==== Provided data

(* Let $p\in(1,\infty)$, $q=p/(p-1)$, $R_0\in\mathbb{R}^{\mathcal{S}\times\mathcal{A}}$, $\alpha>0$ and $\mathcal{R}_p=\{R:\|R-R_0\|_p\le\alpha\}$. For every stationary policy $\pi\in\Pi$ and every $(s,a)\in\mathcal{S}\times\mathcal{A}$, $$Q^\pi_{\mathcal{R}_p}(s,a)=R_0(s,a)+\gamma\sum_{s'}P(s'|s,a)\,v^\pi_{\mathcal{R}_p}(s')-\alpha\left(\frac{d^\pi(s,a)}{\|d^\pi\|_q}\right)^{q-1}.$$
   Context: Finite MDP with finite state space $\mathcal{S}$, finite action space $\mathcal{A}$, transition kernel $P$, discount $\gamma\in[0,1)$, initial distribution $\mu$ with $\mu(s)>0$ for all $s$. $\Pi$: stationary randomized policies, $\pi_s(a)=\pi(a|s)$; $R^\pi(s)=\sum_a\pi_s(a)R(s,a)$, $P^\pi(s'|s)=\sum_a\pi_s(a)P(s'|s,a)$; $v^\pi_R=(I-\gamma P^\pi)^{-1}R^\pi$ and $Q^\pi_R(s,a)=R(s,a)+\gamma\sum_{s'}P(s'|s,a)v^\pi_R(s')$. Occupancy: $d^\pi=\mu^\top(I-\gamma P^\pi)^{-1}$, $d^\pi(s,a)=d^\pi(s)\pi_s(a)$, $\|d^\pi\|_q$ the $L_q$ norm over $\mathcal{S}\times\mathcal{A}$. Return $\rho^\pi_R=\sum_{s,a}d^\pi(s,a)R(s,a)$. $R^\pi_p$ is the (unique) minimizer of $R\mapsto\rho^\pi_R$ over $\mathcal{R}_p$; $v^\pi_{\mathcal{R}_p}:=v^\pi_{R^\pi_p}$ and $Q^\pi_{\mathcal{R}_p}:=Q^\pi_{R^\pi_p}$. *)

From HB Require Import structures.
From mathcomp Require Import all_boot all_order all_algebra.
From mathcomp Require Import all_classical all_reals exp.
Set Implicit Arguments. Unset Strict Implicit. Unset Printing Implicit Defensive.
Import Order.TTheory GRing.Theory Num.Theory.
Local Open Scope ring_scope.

========
==== Provided data

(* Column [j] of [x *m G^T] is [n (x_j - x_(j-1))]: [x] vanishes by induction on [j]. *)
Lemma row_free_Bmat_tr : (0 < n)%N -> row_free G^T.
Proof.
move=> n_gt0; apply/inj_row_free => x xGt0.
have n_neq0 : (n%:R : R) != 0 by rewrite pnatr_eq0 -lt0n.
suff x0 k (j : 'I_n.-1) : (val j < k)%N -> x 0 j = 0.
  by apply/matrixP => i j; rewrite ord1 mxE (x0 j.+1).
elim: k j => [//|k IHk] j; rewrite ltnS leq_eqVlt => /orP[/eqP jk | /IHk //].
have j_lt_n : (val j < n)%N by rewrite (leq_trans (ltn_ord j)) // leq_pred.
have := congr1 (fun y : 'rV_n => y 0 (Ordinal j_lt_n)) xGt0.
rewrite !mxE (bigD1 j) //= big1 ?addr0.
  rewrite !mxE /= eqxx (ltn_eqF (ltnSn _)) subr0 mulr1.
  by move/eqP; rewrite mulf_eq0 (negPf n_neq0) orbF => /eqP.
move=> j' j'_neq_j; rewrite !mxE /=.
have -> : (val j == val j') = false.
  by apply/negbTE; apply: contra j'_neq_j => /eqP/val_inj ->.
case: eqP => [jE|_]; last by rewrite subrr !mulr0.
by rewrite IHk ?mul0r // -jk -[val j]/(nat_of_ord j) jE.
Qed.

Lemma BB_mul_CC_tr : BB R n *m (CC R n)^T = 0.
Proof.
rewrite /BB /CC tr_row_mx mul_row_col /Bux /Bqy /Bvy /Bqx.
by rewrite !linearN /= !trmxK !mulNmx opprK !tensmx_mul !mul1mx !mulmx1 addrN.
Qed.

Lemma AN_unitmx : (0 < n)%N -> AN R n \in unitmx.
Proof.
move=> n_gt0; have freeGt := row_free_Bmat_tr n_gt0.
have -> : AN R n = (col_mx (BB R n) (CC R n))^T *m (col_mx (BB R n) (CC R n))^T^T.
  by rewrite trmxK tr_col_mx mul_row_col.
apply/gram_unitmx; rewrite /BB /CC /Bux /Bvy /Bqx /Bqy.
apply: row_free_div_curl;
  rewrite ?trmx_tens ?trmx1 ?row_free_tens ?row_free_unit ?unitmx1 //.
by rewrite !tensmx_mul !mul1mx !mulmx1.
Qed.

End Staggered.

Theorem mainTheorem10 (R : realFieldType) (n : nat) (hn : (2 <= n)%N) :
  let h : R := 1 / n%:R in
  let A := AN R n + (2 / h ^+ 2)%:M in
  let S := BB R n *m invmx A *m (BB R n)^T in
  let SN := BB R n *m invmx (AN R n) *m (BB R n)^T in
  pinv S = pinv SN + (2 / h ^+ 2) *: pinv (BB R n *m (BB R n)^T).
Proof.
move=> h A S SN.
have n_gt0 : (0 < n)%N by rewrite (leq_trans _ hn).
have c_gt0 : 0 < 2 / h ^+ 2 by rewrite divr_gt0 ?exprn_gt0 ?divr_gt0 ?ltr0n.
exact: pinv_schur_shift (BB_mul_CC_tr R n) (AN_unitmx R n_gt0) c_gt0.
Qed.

========

Exercise goal
Take the entries above and copy out all lines with the string "mathcomp".

Task output
From mathcomp Require Import all_boot all_order all_algebra.
From mathcomp Require Import all_classical all_reals exp.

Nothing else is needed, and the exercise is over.